I feel that we live in a society that has a few things a little backwards. To say no to your child is viewed as being mean. I view it as being caring. I will forever say no to things that will hurt my child or have a negative effect on their future. That's my role as a parent; to teach, guide and love (and sometimes it takes saying no to accomplish these things). I do believe that children need to have autonomy and learn to make their own choice and decisions, but that should also come in small doses as well, and should be given age appropriately. I see kids carrying around a $500.00+ cell phone at age 7. Not only is that a huge expense for an irresponsible child to now have to be responsible for before they're ready, but it can also be very dangerous to the child if it's not monitored. I often wonder if it's because a parent can't say no to the peer pressure of giving their child a phone because "everyone else has one." (Just fyi, this is my personal opinion and not meant to sound critical of others that chose to allow their child technology).

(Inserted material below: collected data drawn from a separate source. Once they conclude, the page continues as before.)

(* Let $n\geq 4$, let $S$ be the set of all $3$-cycles in $S_n$, and let $CAG_n=\mathrm{Cay}(A_n,S)$. Then the map $h:\alpha\mapsto\alpha^{-1}$ ($\alpha\in A_n$) is an automorphism of the graph $CAG_n$. In particular, $CAG_n$ is not a normal Cayley graph, i.e. $R(A_n)$ is not a normal subgroup of $\mathrm{Aut}(CAG_n)$.
   Context: For a finite group $\Gamma$ and a subset $T\subseteq\Gamma$ with $e\notin T$ and $T=T^{-1}$, the Cayley graph $\mathrm{Cay}(\Gamma,T)$ is the undirected graph with vertex set $\Gamma$ and edge set $\{\{\gamma,t\gamma\}\mid \gamma\in\Gamma, t\in T\}$. The right regular representation $R(\Gamma)=\{r_\gamma: x\mapsto x\gamma\mid\gamma\in\Gamma\}$ is a subgroup of $\mathrm{Aut}(\mathrm{Cay}(\Gamma,T))$; the Cayley graph is called normal if $R(\Gamma)$ is a normal subgroup of $\mathrm{Aut}(\mathrm{Cay}(\Gamma,T))$. *)

From HB Require Import structures.
From mathcomp Require Import all_boot all_order all_fingroup all_solvable.
Set Implicit Arguments. Unset Strict Implicit. Unset Printing Implicit Defensive.
Import GroupScope.

Definition is_3cycle (n : nat) (s : {perm 'I_n}) : bool :=
  [exists a : 'I_n, exists b : 'I_n, exists c : 'I_n,
    [&& a != b, b != c, a != c,
        (s a == b) && (s b == c) && (s c == a) &
        [forall x, [&& x != a, x != b & x != c] ==> (s x == x)]]].

(* Cayley graph Cay(G,T): vertex set G, x ~ y iff y = t x for some t in T,
   i.e. y * x^-1 \in T. *)
Definition cay_adj (gT : finGroupType) (T : {set gT}) : rel gT :=
  fun x y => y * x^-1 \in T.

Definition graph_aut (V : finType) (e : rel V) : {set {perm V}} :=
  [set f : {perm V} | [forall x, forall y, e (f x) (f y) == e x y]].

Definition rtrans (gT : finGroupType) (g : gT) : {perm gT} :=
  perm (mulIg g).
Definition rreg (gT : finGroupType) : {set {perm gT}} :=
  [set rtrans g | g : gT].

Definition invperm (gT : finGroupType) : {perm gT} := perm (@invg_inj gT).

From mathcomp Require Import all_boot all_order all_fingroup all_solvable.
Import GroupScope.

(** Since the connection set [S] of 3-cycles is closed under
    inversion and conjugation, [y x^-1 \in S] iff [y^-1 x \in S], so inversion
    preserves adjacency.  On the other hand, conjugating a right translation
    [x |-> x g] by inversion gives the left translation [x |-> g^-1 x]; this is
    a right translation only if [g] is central.  So if [R(A_n)] were normal in
    the automorphism group, which contains inversion, [A_n] would be abelian,
    which it is not for [n >= 4]. *)

Section CayleyInversion.

Variable gT : finGroupType.

Lemma invperm_cay_adj (T : {set gT}) :
    (forall t, t \in T -> t^-1 \in T) ->
    (forall t x, t \in T -> t ^ x \in T) ->
  invperm gT \in graph_aut (cay_adj T).
Proof.
move=> invT conjT; rewrite inE; apply/forallP=> x; apply/forallP=> y.
rewrite /cay_adj /invperm !permE invgK; apply/eqP; apply/idP/idP => adjT.
- have -> : y * x^-1 = ((y^-1 * x)^-1) ^ x^-1.
    by rewrite conjgE invgK invMg invgK !mulgA mulgV mul1g.
  exact/conjT/invT.
- have -> : y^-1 * x = ((y * x^-1)^-1) ^ x.
    by rewrite conjgE invMg invgK !mulgA mulVg mul1g.
  exact/conjT/invT.
Qed.

Lemma rtrans_conj_invperm (g x : gT) : (rtrans g ^ invperm gT) x = g^-1 * x.
Proof.
have invpermV y : (invperm gT)^-1 y = y^-1.
  by apply: (canLR (permK _)); rewrite permE invgK.
by rewrite conjgE !permM invpermV !permE invMg invgK.
Qed.

Lemma invperm_norm_rreg_commute :
  invperm gT \in 'N(rreg gT) -> forall x y : gT, commute x y.
Proof.
move=> normR x y.
have : rtrans x^-1 ^ invperm gT \in rreg gT by rewrite memJ_norm ?imset_f.
case/imsetP=> k _ def_k.
have ltrans_x z : x * z = z * k.
  by rewrite -[x]invgK -rtrans_conj_invperm def_k permE.
have k_x : k = x by have := ltrans_x 1; rewrite mulg1 mul1g.
by rewrite /commute ltrans_x k_x.
Qed.

End CayleyInversion.

Lemma subg_commute_abelian (gT : finGroupType) (G : {group gT}) :
  (forall u v : subg_of G, commute u v) -> abelian G.
Proof.
move=> commG; apply/centsP=> x Gx y Gy.
have := congr1 sgval (commG (subg G x) (subg G y)).
by rewrite !sgvalM ?inE // -!/(val _) !subgK.
Qed.

Lemma Alt_nonabelian n : 3 < n -> ~~ abelian ('Alt_('I_n)).
Proof.
move=> n_gt3; pose i k (lt_k3 : k < 4) : 'I_n := Ordinal (leq_trans lt_k3 n_gt3).
pose a := i 0%N isT; pose b := i 1%N isT; pose c := i 2%N isT; pose d := i 3%N isT.
pose g := tperm a b * tperm a c; pose h := tperm a b * tperm c d.
have gA : g \in 'Alt_('I_n) by rewrite Alt_even odd_permM !odd_tperm.
have hA : h \in 'Alt_('I_n) by rewrite Alt_even odd_permM !odd_tperm.
apply/negP => /centsP/(_ g gA h hA) /(congr1 (fun p : {perm 'I_n} => p a)).
by rewrite !permM !permE.
Qed.

Section ThreeCycles.

Variable n : nat.
Implicit Types s g : {perm 'I_n}.

Lemma is_3cycleV s : is_3cycle s -> is_3cycle s^-1.
Proof.
case/existsP=> a /existsP[b /existsP[c /and5P[ab bc ac sabc /forallP fixs]]].
case/andP: sabc => /andP[/eqP sa /eqP sb] /eqP sc.
apply/existsP; exists a; apply/existsP; exists c; apply/existsP; exists b.
have [sVa sVc sVb] : [/\ s^-1 a = c, s^-1 c = b & s^-1 b = a].
  by split; apply: (canLR (permK s)).
rewrite ac (eq_sym c b) bc ab sVa sVc sVb !eqxx /=.
apply/forallP=> x; apply/implyP=> /and3P[xa xc xb].
have /eqP {1}<- := implyP (fixs x) (introT and3P (And3 xa xb xc)).
by rewrite permK.
Qed.

Lemma is_3cycleJ s g : is_3cycle s -> is_3cycle (s ^ g).
Proof.
case/existsP=> a /existsP[b /existsP[c /and5P[ab bc ac sabc /forallP fixs]]].
case/andP: sabc => /andP[/eqP sa /eqP sb] /eqP sc.
apply/existsP; exists (g a); apply/existsP; exists (g b); apply/existsP; exists (g c).
rewrite !(inj_eq perm_inj) ab bc ac /= conjgE !permM !permK sa sb sc !eqxx /=.
apply/forallP=> x; rewrite -[x](permKV g) !(inj_eq perm_inj); apply/implyP=> hx.
by rewrite !permM permK (eqP (implyP (fixs _) hx)).
Qed.

End ThreeCycles.

Theorem theorem2p1 (n : nat) (hn : 4 <= n) :
  let V := subg_of ('Alt_('I_n)) in
  let S : {set V} := [set u : V | is_3cycle (sgval u)] in
  invperm V \in graph_aut (cay_adj S) /\
  ~ (rreg V <| graph_aut (cay_adj S)).
Proof.
move=> V S.
have autS : invperm V \in graph_aut (cay_adj S).
  apply: invperm_cay_adj => [t | t x]; rewrite !inE.
  - exact: (@is_3cycleV n (sgval t)).
  - exact: (@is_3cycleJ n (sgval t) (sgval x)).
split=> // /andP[_ /subsetP/(_ _ autS)/invperm_norm_rreg_commute commV].
by have := Alt_nonabelian n hn; rewrite subg_commute_abelian.
Qed.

 I worry for parents that are fearful of saying no to their child. I think that they believe they are helping to show their child love, but in reality they are setting them up for failure, and heartache by allowing them to become too spoiled, and self-centered. Our ultimate goal is to be unified and bonded as a family.  If we want to accomplish this, it begins with strong parental leadership it the home.  Parents are not going to feel unified with their children if their children are out of control, and children aren’t going to feel very close to their parents if they don’t have the clarity of what is expected. We need the companionship of the Holy Ghost in our lives and homes in order to obtain unity. Elder Eyring said “Where people have that Spirit with them, we may expect harmony. The Spirit puts the testimony of truth in our hearts, which unifies those who share that testimony. The Spirit of God never generates contention (see 3 Ne. 11:29). It never generates the feelings of distinctions between people, which lead to strife. It leads to personal peace and a feeling of union with others. It unifies souls. A unified family, a unified Church, and a world at peace depend on unified souls.” A unified home that is entrusted with strong parental leadership can influence the world. It will produce strong families and relationships.
Who Is the Boss? Power Relationships in Families. (2008, March 28). Lecture, Provo.